The room, Jury thought, as he’d looked around it, was an antidote to a life of lumpy mattresses, threadbare carpets, sprung sofas. One wall was filled with shelves of books and, at intervals along those shelves, small brass lamps were bolted, to cast light on whatever section one might want to explore. In front of the bookshelves sat a leather arm chair of a red so deep it was black in the shadows, and a table to hold one’s tea cup or one’s whiskey glass. It was an arrangement that all but begged the room’s occupant to pluck out a book and sit down. The wall opposite this was full of windows and velvet curtains. Jury had looked down at a white and crumbling statue in the rear garden by a small pool overhung with willows. All in all, this was the most romantic room Jury had ever seen, the most complete, the most becalmed.
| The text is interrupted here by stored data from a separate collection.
Lemma wnorm_ge0 xi : in_M xi -> 0 <= wnorm xi.
Proof.
move=> hxi; rewrite -(in_M0 hxi); apply: (@wnorm_ub _ _ 0) => //.
- exact: BCvf0.
- by move=> x y; rewrite subrr normr0 mul0r.
- by rewrite supnorm0 addr0 ler01.
Qed.

Lemma wnorm_bound xi th L : in_M xi -> BCvf th -> lip_le th L -> 0 <= L ->
  `|xi th| <= wnorm xi * (supnorm th + L).
Proof.
move=> hxi bth lth L0; have s0 := supnorm_ge0 bth.2.
have [s_eq0|s_neq0] := eqVneq (supnorm th + L) 0.
  have -> : th = fun _ => 0.
    apply/funext => x; apply/eqP; rewrite -normr_le0.
    apply: le_trans (supnorm_ub bth.2 x) _; lra.
  by rewrite in_M0 // normr0 supnorm0 add0r mulr_ge0 ?wnorm_ge0.
have s_gt0 : 0 < supnorm th + L by rewrite lt_def s_neq0 addr_ge0.
set s := supnorm th + L in s_gt0 s_neq0 *.
(* [th / s] lies in the unit ball of the dual norm, and so does [- th / s]. *)
have scaled a : `|a| = s^-1 -> a * xi th <= wnorm xi.
  move=> ha; rewrite -in_MZ //; apply: (wnorm_ub (L := L / s)) => //.
  - exact: BCvfZ.
  - move=> x y; rewrite -scalerBr normrZ ha mulrAC mulrC.
    by apply: ler_wpM2r; [rewrite invr_ge0 ltW | exact: lth].
  - apply: (@le_trans _ _ (supnorm th / s + L / s)); last by rewrite -mulrDl divff.
    rewrite lerD2r; apply: supnorm_le => x; rewrite normrZ ha mulrC.
    by rewrite ler_pM2r ?invr_gt0 //; exact: supnorm_ub bth.2 x.
have /(ler_wpM2l (ltW s_gt0)) : s^-1 * xi th <= wnorm xi.
  by apply: scaled; rewrite ger0_norm // invr_ge0 ltW.
have /(ler_wpM2l (ltW s_gt0)) : - s^-1 * xi th <= wnorm xi.
  by apply: scaled; rewrite normrN ger0_norm // invr_ge0 ltW.
rewrite !mulrA mulrN mulfV // mulN1r mul1r => hN hP.
by rewrite ler_norml [wnorm xi * _]mulrC -lerNl hN hP.
Qed.

End DualNorm.

Section MeanValue.
Context {R : realType} {d : nat}.

Lemma derive_line (g : 'rV[R]_d -> R) q v t : derivable g (q + t *: v) v ->
  derivable (fun s : R => g (q + s *: v)) t 1 /\
  derive (fun s : R => g (q + s *: v)) t 1 = derive g (q + t *: v) v.
Proof.
have E : (fun h : R => h^-1 *: (((fun s : R => g (q + s *: v)) \o shift t) (h *: 1)
            - g (q + t *: v)))
       = (fun h : R => h^-1 *: ((g \o shift (q + t *: v)) (h *: v) - g (q + t *: v))).
  apply/funext => h /=; rewrite /shift; congr (_ *: (g _ - _)).
  by rewrite -[h *: 1]/(h * 1) mulr1 scalerDl addrCA addrC.
by rewrite /derivable /derive E.
Qed.
Lemma NoDup_flat_map_cons {A} (T : list (list A)) (S : list A) :
  NoDup T -> NoDup S -> NoDup (flat_map (fun x => map (cons x) T) S).
Proof.
  intros HT HS. induction HS as [|x S' Hx HS' IH]; cbn; [constructor|].
  apply NoDup_app; auto.
  - apply NoDup_map_NoDup_ForallPairs; auto. intros a b _ _ E. now injection E.
  - intros l Hl Hl'. apply in_map_iff in Hl as [r [<- _]].
    apply in_flat_map in Hl' as [y [Hy Hm]]. apply in_map_iff in Hm as [r' [E _]].
    injection E as <-. contradiction.
Qed.

Lemma NoDup_tuples {A} (S : list A) k : NoDup S -> NoDup (tuples S k).
Proof.
  intros HS. induction k as [|k IH]; cbn.
  - constructor; [intros [] | constructor].
  - now apply NoDup_flat_map_cons.
Qed.

Lemma NoDup_list_prod {A B} (l : list A) (l' : list B) :
  NoDup l -> NoDup l' -> NoDup (list_prod l l').
Proof.
  intros H H'. induction H as [|x l Hx Hl IH]; cbn; [constructor|].
  apply NoDup_app; auto.
  - apply NoDup_map_NoDup_ForallPairs; auto. intros a b _ _ E. now injection E.
  - intros [a b] Ha Hb. apply in_map_iff in Ha as [y [E _]]. injection E as <- <-.
    apply in_prod_iff in Hb. tauto.
Qed.

Lemma NoDup_gcands n : NoDup (gcands n).
Proof.
  apply NoDup_filter, NoDup_list_prod;
    apply NoDup_map_NoDup_ForallPairs; try apply seq_NoDup; intros a b _ _ E; lia.
Qed.

Lemma In_gcands n z : In z (gcands n) <->
  gnormalizedb z = true /\ 0 <= fst z <= Z.of_nat n /\ 0 <= snd z <= Z.of_nat n.
Proof.
  destruct z as [a b]. unfold gcands.
  rewrite filter_In, (@in_prod_iff Z Z), !in_map_iff. cbn [fst snd]. split.
  - intros [[[x [<- Hx]] [y [<- Hy]]] Hn]. apply in_seq in Hx, Hy. split; auto. lia.
  - intros [Hn [Ha Hb]]. split; auto.
    split; [exists (Z.to_nat a) | exists (Z.to_nat b)]; rewrite in_seq; lia.
Qed.

Lemma gcands_nz n z : In z (gcands n) -> z <> gzero.
Proof. intros H. apply In_gcands in H. now apply gnormalized_nz. Qed.

Definition tcount (k n : nat) (w : gauss) : nat :=
  length (filter (fun l => gassocb (gprod l) w) (tuples (gcands n) k)).

Lemma frak_t_tcount k n : frak_t k n = tcount k n (Z.of_nat n, 0).
Proof. reflexivity. Qed.
(* Let $X$ be a countable infinite set, $\mathcal{I}$ a meager ideal on $X$, and $(Y,\rho)$ a countable crowded $T_1$ space with $\pi w(\rho)<\mathfrak{m}_c$. Then there is an $\mathcal{I}$-crowded topology $\tau$ on $X$ such that $(X,\tau)$ is homeomorphic to $(Y,\rho)$.
   Context: An ideal on $X$ is a family of subsets of $X$ closed under subsets and finite unions; all ideals are assumed proper ($X\notin\mathcal{I}$) and free (every finite subset of $X$ is in $\mathcal{I}$). Meagerness refers to $\mathcal{I}$ as a subset of $2^X$ (identifying sets with characteristic functions). A topology $\tau$ on $X$ is $\mathcal{I}$-crowded if $\tau\cap\mathcal{I}=\{\emptyset\}$. Crowded means without isolated points. $\mathfrak{m}_c$ is the least cardinal $\kappa$ such that MA$(\kappa)$ for countable posets fails. $\pi w$ denotes $\pi$-weight. *)

From Stdlib Require Import List.
Import ListNotations.

Definition countable (T : Type) : Prop :=
  exists f : T -> nat, forall x y, f x = f y -> x = y.

Definition countably_infinite (T : Type) : Prop :=
  countable T /\ exists g : nat -> T, forall n m, g n = g m -> n = m.

Definition subset {T : Type} (A B : T -> Prop) : Prop := forall x, A x -> B x.
(* Let $\langle\vec l,\vec c\rangle$ be a ladder system coloring and $E\subseteq\omega_1$ a stationary and co-stationary set. Then $\mathbb{P}_E(\vec l,\vec c)$ is $\mathsf{stat}_{\omega_1\setminus E}$-pc.
   Context: A ladder system is $\vec l=\langle l_\alpha:\alpha\in\omega_1\cap\mathrm{Lim}\rangle$ with each $l_\alpha\subseteq\alpha$ cofinal in $\alpha$ of order type $\omega$; $l_{\alpha,n}$ is the $n$-th element of $l_\alpha$ and $l_\alpha^n=\{l_{\alpha,m}:m\ge n\}$. A ladder system coloring is $\langle\vec l,\vec c\rangle$ with $\vec c=\langle c_\alpha:l_\alpha\to\omega\rangle$. $\mathbb{P}_E(\vec l,\vec c)$ is the set of finite partial functions $p$ from $E\cap\mathrm{Lim}$ to $\omega$ such that $\bigcup_{\alpha\in\mathrm{dom}(p)}c_\alpha\restriction l_\alpha^{p(\alpha)}$ is a function, ordered by $q\le p$ iff $q\supseteq p$. For $X\subseteq\omega_1$, $\mathsf{stat}_X$ is the family of stationary subsets of $\omega_1$ contained in $X$; a poset is $\mathsf{stat}_X$-pc if for every $S\in\mathsf{stat}_X$ and every $\langle p_\alpha:\alpha\in S\rangle$ there is $S'\in\mathsf{stat}_S$ with $\{p_\alpha:\alpha\in S'\}$ centered (every finite subset has a common lower bound). *)

From Stdlib Require Import List.
Lemma typing_subst e G t T : typing e G t T ->
  forall j C, proper C -> typing e (map (subst j C) G) t (subst j C T).
Proof.
  induction 1; intros j D HD; simpl.
  - apply T_ax. rewrite nth_error_map, H. reflexivity.
  - apply T_arr_i; [apply proper_subst; auto | apply (IHtyping j D HD)].
  - eapply T_arr_e; eauto.
  - apply T_all_i; [apply occurs_subst; auto; lia|].
    rewrite map_map. erewrite map_ext; [|intros; apply lift_subst; lia].
    rewrite <- map_map. apply IHtyping; auto.
  - rewrite subst_inst.
    apply T_all_e; auto using proper_subst.
Qed.

Lemma map_subst_lift G C : map (subst 0 C) (map (lift 1 0) G) = G.
Proof.
  rewrite map_map, <- map_id. apply map_ext. intros. apply subst_lift1.
Qed.

Fixpoint inst_all (T : ty) (Cs : list ty) : option ty :=
  match Cs with
  | [] => Some T
  | C :: Cs' => match T with TAll A => inst_all (inst A C) Cs' | _ => None end
  end.

Lemma inst_all_subst Ds X j C U :
  inst_all (subst j C X) (map (subst j C) Ds) = Some U ->
  (exists U', inst_all X Ds = Some U' /\ U = subst j C U') \/
  (exists Ds1 Ds2 n, Ds = Ds1 ++ Ds2 /\ inst_all X Ds1 = Some (TVar n)).
Proof.
  revert X; induction Ds as [|D Ds IH]; intros X H; simpl in *.
  - left. exists X. injection H as <-. auto.
  - destruct X as [n|a|X1 X2|X1]; simpl in H; try discriminate.
    + right. exists [], (D :: Ds), n. auto.
    + rewrite <- subst_inst in H.
      destruct (IH _ H) as [[U' [H1 H2]]|[Ds1 [Ds2 [n [-> Hn]]]]].
      * left. exists U'. auto.
      * right. exists (D :: Ds1), Ds2, n. auto.
Qed.

Definition lam_shape (G : list ty) (w : term) (U : ty) : Prop :=
  match U with
  | TArr D E => typing true (D :: G) w E
  | TAll _ => True
  | _ => False
  end.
He thought, climbing into the sensuous bed the night before, that he could sleep for a year.

Instead, this telephone appeared at 3:30 A.M. with a call from the City police. It was Mickey, who told Jury what had happened-or as much as he knew-and to whom. “But she won’t tell anybody the details, except you or Ambrose. Who’s Ambrose?” asked Mickey.

“A friend. How can she be so cool about it? My God, she’s only nine.”

“Don’t forget the dog; he can’t be more than two or three.”

Jury was already standing by this time. He said, “I’ll be right there.”

“At Croft’s house. The kids are here. You apparently know these kids; they certainly know you. I’d like to get more than monosyllables out of the girl.”

“Ask the dog.”

“Very funny.”

“Miss Tynedale, a.k.a. Riordin, has been taken to hospital. Couple of bumps on the head, but nothing serious. She’s awake but not talking. The one I want to go after is her mother. What about the kids?”